Some historians believe that the Norwegian legend of a ghost ship in Bergen originally came from Denmark, and the Norwegian version is an exaggerated retelling. Denmark legends surrounding a plague ship indicate that a ship from the Hanseatic trade routes, especially a ship that came from England, likely caused the plague outbreaks to originate in the southern part of Scandinavia, rather than the western coast.

Kristensen lists several types of plague legends, with one of the most prevalent being about one lone survivor, or two survivors (a man and woman) who repopulate a decimated town.

Bells and fire were among other common themes in plague legends of the region. Bells may be related to church bells chiming to honor the dead. Some historians believe that the bells and fire were to attract survivors to the area. Fire may have also been used because it was believed that fire could destroy the plague. There is one Norwegian legend of a couple burning their house with their plague-infected children inside. Yet another legend from Norway recounts killing an innocent man as a sacrifice. This stopped the plague from coming into the town as “[t]he epidemic could not come over the body of the innocent man.”

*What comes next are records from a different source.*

(* Let $\mathcal{V}$ be the list of vectors produced by the first reduction (described in the context) from an instance of the (3,2-2) Set Splitting Problem with variables $x(1),\dots,x(n)$ and sets $S_1,\dots,S_m$. Let $z(i,h) \in \{\pm1\}$ for $1 \le i \le n$, $1 \le h \le 4$, and $w(j,h) \in \{\pm 1\}$ for $j \in B$, $1 \le h \le 3$. If there are $k$ indices $i$ for which $z(i,h)$ is not constant in $h$, then the matrix $M(\mathcal{V}, z, w)$ has at least $k$ diagonal entries, in rows/columns indexed by $B$, of absolute value at least $1/50$.
   Context: An instance of the (3,2-2) Set Splitting Problem consists of $\pm1$ variables $x(1),\dots,x(n)$ and sets $S_1,\dots,S_m \subseteq \{1,\dots,n\}$ each of size exactly 4, with each variable in at most 3 sets; $x$ satisfies $S_j$ if $\sum_{i\in S_j} x(i) = 0$. Let $q_1 = \tfrac15 (1,4,-2,-2)^T$, $q_2 = \tfrac15(4,1,2,2)^T$, $q_3 = \tfrac15(-2,2,-1,4)^T$, $q_4 = \tfrac15(-2,2,4,-1)^T$ (an orthonormal basis of $\mathbb{R}^4$). The first reduction: for each $i$ let $A_i = \{ j : i \in S_j\}$; if $|A_i| = t$ (so $t\le 3$), introduce a set $B_i$ of $4 - t$ new coordinates (so $B_i \neq \emptyset$). Let $A = \{1,\dots,m\}$, $B = \bigcup_i B_i$ (disjoint union of new coordinates), and work in $\mathbb{R}^{A \cup B}$. Let $T_i = A_i \cup B_i$ (a set of 4 coordinates) and fix a bijection of $T_i$ with $\{1,2,3,4\}$. For $1\le h\le 4$, $q_{i,h}$ is the vector that is zero outside $T_i$ and equals $\tfrac12 q_h$ on $T_i$ (via the bijection). For each $j \in B$ and $1 \le h \le 3$ let $r_{j,h} = \tfrac12 e_j$. $\mathcal{V}$ is the list of all $q_{i,h}$ and $r_{j,h}$. For signs $z(i,h)$, $w(j,h)$, set $M(\mathcal{V}, z, w) = \sum_{i,h} z(i,h) q_{i,h} q_{i,h}^T + \sum_{j \in B, h} w(j,h) r_{j,h} r_{j,h}^T$. *)

From HB Require Import structures.
From mathcomp Require Import all_boot all_order all_algebra.
Set Implicit Arguments. Unset Strict Implicit. Unset Printing Implicit Defensive.
Import Order.TTheory GRing.Theory Num.Theory.
Local Open Scope ring_scope.

Definition Aset (n m : nat) (S : 'I_m -> {set 'I_n}) (i : 'I_n) : {set 'I_m} :=
  [set j | i \in S j].

Definition Btype (n m : nat) (S : 'I_m -> {set 'I_n}) : finType :=
  {i : 'I_n & 'I_(4 - #|Aset S i|)}.

(* coordinates A \cup B (disjoint), A = {1..m} *)
Definition coordT (n m : nat) (S : 'I_m -> {set 'I_n}) : finType :=
  ('I_m + Btype S)%type.

Definition Bset (n m : nat) (S : 'I_m -> {set 'I_n}) (i : 'I_n) : {set Btype S} :=
  [set b : Btype S | tag b == i].

Definition Tset (n m : nat) (S : 'I_m -> {set 'I_n}) (i : 'I_n) : {set coordT S} :=
  [set (inl j : coordT S) | j in Aset S i] :|: [set (inr b : coordT S) | b in Bset S i].

(* 5 * q_h(c), rows h = 1..4 (here 0..3), columns c *)
Definition qnum (h c : 'I_4) : int :=
  nth 0 (nth [::] [:: [:: 1; 4; -2; -2]; [:: 4; 1; 2; 2];
                      [:: -2; 2; -1; 4]; [:: -2; 2; 4; -1]]%Z h) c.

Definition qv (R : realFieldType) (h c : 'I_4) : R := (qnum h c)%:~R / 5%:R.

(* q_{i,h}: zero outside T_i, (1/2) q_h on T_i via the bijection f i : 'I_4 -> T_i *)
Definition qvec (R : realFieldType) (n m : nat) (S : 'I_m -> {set 'I_n})
  (f : 'I_n -> 'I_4 -> coordT S) (i : 'I_n) (h : 'I_4) (x : coordT S) : R :=
  \sum_(c < 4) (if x == f i c then 2%:R^-1 * qv R h c else 0).

Definition rvec (R : realFieldType) (n m : nat) (S : 'I_m -> {set 'I_n})
  (b : Btype S) (x : coordT S) : R :=
  if x == inr b then 2%:R^-1 else 0.

Definition Mentry (R : realFieldType) (n m : nat) (S : 'I_m -> {set 'I_n})
  (f : 'I_n -> 'I_4 -> coordT S) (z : 'I_n -> 'I_4 -> R) (w : Btype S -> 'I_3 -> R)
  (x y : coordT S) : R :=
  \sum_(i < n) \sum_(h < 4) z i h * qvec R f i h x * qvec R f i h y
  + \sum_(b : Btype S) \sum_(h < 3) w b h * rvec R b x * rvec R b y.

From HB Require Import structures.
From mathcomp Require Import all_boot all_order all_algebra.
From mathcomp Require Import ring lra.
Set Implicit Arguments. Unset Strict Implicit. Unset Printing Implicit Defensive.
Import Order.TTheory GRing.Theory Num.Theory.
Local Open Scope ring_scope.

(* Each variable i contributes the coordinate inr b of its first new coordinate
   b in B_i (nonempty because |A_i| <= 3).  Writing inr b = f i c, only the
   q_{i,h} and the r_{b,h} meet inr b, so the diagonal entry there equals
   (sum_h z(i,h) (5 q_h(c))^2 + 25 sum_h w(b,h)) / 100.  The squares in each
   column are 1, 16, 4, 4 up to order, so for non-constant signs the first sum
   is odd with absolute value below 25, hence not cancelled by the odd multiple
   of 25: the numerator is a nonzero even integer, of absolute value >= 2. *)

Lemma nonconstant_I4 (T : eqType) (e : 'I_4 -> T) :
  (exists h h', e h != e h') ->
  ~~ [&& e (inord 1) == e ord0, e (inord 2) == e ord0 & e (inord 3) == e ord0].
Proof.
move=> [h [h' neq_hh']]; apply: contra neq_hh' => /and3P [/eqP E1 /eqP E2 /eqP E3].
have constE (k : 'I_4) : e k = e ord0.
  rewrite -[k]inord_val; case: k => -[|[|[|[|//]]]] _ //=.
  by congr e; apply: val_inj; rewrite /= inordK.
by rewrite !constE.
Qed.

Lemma qnum_signed_column_ge2 (c : 'I_4) (e : 'I_4 -> int) (g : 'I_3 -> int) :
  (forall h, e h = 1 \/ e h = -1) -> (forall h, g h = 1 \/ g h = -1) ->
  (exists h h', e h != e h') ->
  2 <= `|\sum_(h < 4) e h * qnum h c ^+ 2 + 25 * \sum_(h < 3) g h|.
Proof.
move=> sign_e sign_g /nonconstant_I4.
have -> : (inord 1 : 'I_4) = lift ord0 ord0 by apply: val_inj; rewrite /= inordK.
have -> : (inord 2 : 'I_4) = lift ord0 (lift ord0 ord0) by apply: val_inj; rewrite /= inordK.
have -> : (inord 3 : 'I_4) = lift ord0 (lift ord0 (lift ord0 ord0)).
  by apply: val_inj; rewrite /= inordK.
rewrite !big_ord_recl !big_ord0.
case: (sign_e ord0) => ->; case: (sign_e (lift ord0 ord0)) => ->;
case: (sign_e (lift ord0 (lift ord0 ord0))) => ->;
case: (sign_e (lift ord0 (lift ord0 (lift ord0 ord0)))) => ->;
case: (sign_g ord0) => ->; case: (sign_g (lift ord0 ord0)) => ->;
case: (sign_g (lift ord0 (lift ord0 ord0))) => ->;
by case: c => -[|[|[|[|//]]]].
Qed.

Lemma sign_sgzK (R : numDomainType) (x : R) :
  x = 1 \/ x = -1 -> x = (sgz x)%:~R /\ (sgz x = 1 \/ sgz x = -1).
Proof. by case=> ->; rewrite sgzE; auto. Qed.

Section DiagonalOnB.
Variables (R : realFieldType) (n m : nat) (S : 'I_m -> {set 'I_n}).
Variable f : 'I_n -> 'I_4 -> coordT S.
Hypothesis f_inj : forall i, injective (f i).
Hypothesis f_onto : forall i, f i @: [set: 'I_4] = Tset S i.
Variables (z : 'I_n -> 'I_4 -> R) (w : Btype S -> 'I_3 -> R).

Lemma inr_in_Tset (b : Btype S) : (inr b : coordT S) \in Tset S (tag b).
Proof. by rewrite inE; apply/orP; right; apply: imset_f; rewrite inE. Qed.

Lemma inr_notin_Tset (b : Btype S) i : i != tag b -> (inr b : coordT S) \notin Tset S i.
Proof.
move=> neq_i; rewrite inE; apply/norP; split; first by apply/imsetP => -[].
by apply/imsetP => -[b' + [E]]; rewrite -E inE eq_sym (negbTE neq_i).
Qed.

Lemma qvec_f i h c : qvec R f i h (f i c) = 2%:R^-1 * qv R h c.
Proof.
rewrite /qvec (bigD1 c) //= eqxx big1 ?addr0 // => c' neq_c'.
by rewrite (inj_eq (@f_inj i)) eq_sym (negbTE neq_c').
Qed.

Lemma qvec_inr_other (b : Btype S) i h : i != tag b -> qvec R f i h (inr b) = 0.
Proof.
move=> neq_i; rewrite /qvec big1 // => c _; case: eqP => // E.
by have := inr_notin_Tset neq_i; rewrite -f_onto E imset_f.
Qed.

Lemma Mentry_diag_inr (b : Btype S) c : f (tag b) c = inr b ->
  Mentry f z w (inr b) (inr b) =
  100%:R^-1 * (\sum_(h < 4) z (tag b) h * (qnum h c ^+ 2)%:~R
               + 25%:R * \sum_(h < 3) w b h).
Proof.
move=> fc; rewrite /Mentry (bigD1 (tag b)) //= (bigD1 b) //=.
rewrite [X in _ + X + _]big1 ?addr0; last first.
  by move=> i neq_i; apply: big1 => h _; rewrite qvec_inr_other // !mulr0.
rewrite [X in _ + (_ + X)]big1 ?addr0; last first.
  move=> b' neq_b'; apply: big1 => h _.
  by rewrite /rvec (inj_eq (@inr_inj _ _)) eq_sym (negbTE neq_b') !mulr0.
rewrite /rvec eqxx -fc mulrDr mulrA !mulr_sumr.
by congr (_ + _); apply: eq_bigr => h _; rewrite ?qvec_f /qv ?rmorphXn /=; field.
Qed.

Lemma Mentry_diag_inr_ge (b : Btype S) c : f (tag b) c = inr b ->
  (forall h, z (tag b) h = 1 \/ z (tag b) h = -1) ->
  (forall h, w b h = 1 \/ w b h = -1) ->
  (exists h h', z (tag b) h != z (tag b) h') ->
  50%:R^-1 <= `|Mentry f z w (inr b) (inr b)|.
Proof.
move=> fc sign_z sign_w [h [h' neq_z]]; rewrite (Mentry_diag_inr fc).
have z_sgz k := (sign_sgzK (sign_z k)).1.
have w_sgz k := (sign_sgzK (sign_w k)).1.
have nonconst : exists h h', sgz (z (tag b) h) != sgz (z (tag b) h').
  by exists h, h'; apply: contra neq_z => /eqP E; rewrite z_sgz E -z_sgz.
have := qnum_signed_column_ge2 c (fun k => (sign_sgzK (sign_z k)).2)
  (fun k => (sign_sgzK (sign_w k)).2) nonconst.
set K := (_ + _)%R => K_ge2.
have -> : \sum_(h < 4) z (tag b) h * (qnum h c ^+ 2)%:~R
          + 25%:R * \sum_(h < 3) w b h = K%:~R.
  rewrite /K rmorphD rmorphM !rmorph_sum /=.
  by congr (_ + _ * _); apply: eq_bigr => k _; rewrite ?rmorphM /= -?z_sgz -?w_sgz.
have : (2 : R) <= `|K%:~R| by rewrite -intr_norm (_ : 2 = (2 : int)%:~R) // ler_int.
rewrite normrM normfV (@ger0_norm _ 100%:R) //; lra.
Qed.

End DiagonalOnB.

Theorem lemma8 (R : realFieldType) (n m : nat) (S : 'I_m -> {set 'I_n})
  (hS4 : forall j, #|S j| = 4%N)
  (hA3 : forall i, (#|Aset S i| <= 3)%N)
  (f : 'I_n -> 'I_4 -> coordT S)
  (hfinj : forall i, injective (f i))
  (hfim : forall i, f i @: [set: 'I_4] = Tset S i)
  (z : 'I_n -> 'I_4 -> R) (w : Btype S -> 'I_3 -> R)
  (hz : forall i h, z i h = 1 \/ z i h = -1)
  (hw : forall b h, w b h = 1 \/ w b h = -1) :
  (#|[set i : 'I_n | [exists h : 'I_4, exists h' : 'I_4, z i h != z i h']]|
     <= #|[set b : Btype S | ((50%:R^-1 : R) <= `|Mentry f z w (inr b) (inr b)|)%R]|)%N.
Proof.
have B_nonempty i : (0 < 4 - #|Aset S i|)%N by rewrite subn_gt0 ltnS.
pose b0 i : Btype S := Tagged (fun i => 'I_(4 - #|Aset S i|)) (Ordinal (B_nonempty i)).
have b0_inj : injective b0 by move=> i j /(congr1 tag).
rewrite -(card_imset _ b0_inj); apply: subset_leq_card; apply/subsetP => _ /imsetP [i + ->].
rewrite !inE => /existsP [h /existsP [h' neq_z]].
have [c _ fc] : exists2 c, c \in [set: 'I_4] & inr (b0 i) = f (tag (b0 i)) c.
  by apply/imsetP; rewrite hfim inr_in_Tset.
apply: (Mentry_diag_inr_ge hfinj hfim (esym fc) (hz _) (hw _)).
by exists h, h'.
Qed.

Animal forms were another common manifestation of the plague in popular legends. White horses, seen as unusual, were a popular choice in plague folklore, acting as a personification of the plague. Three legged goats were also a popular animal manifestation of the plague, as goats often portrayed the devil in Scandinavian folk stories. The goat having three legs therefore symbolizes both oddities as a bad omen, and the plague being connected to the devil.

In addition to animals, foreigners such as merchants or traveling women can be found in folklore portraying the plague.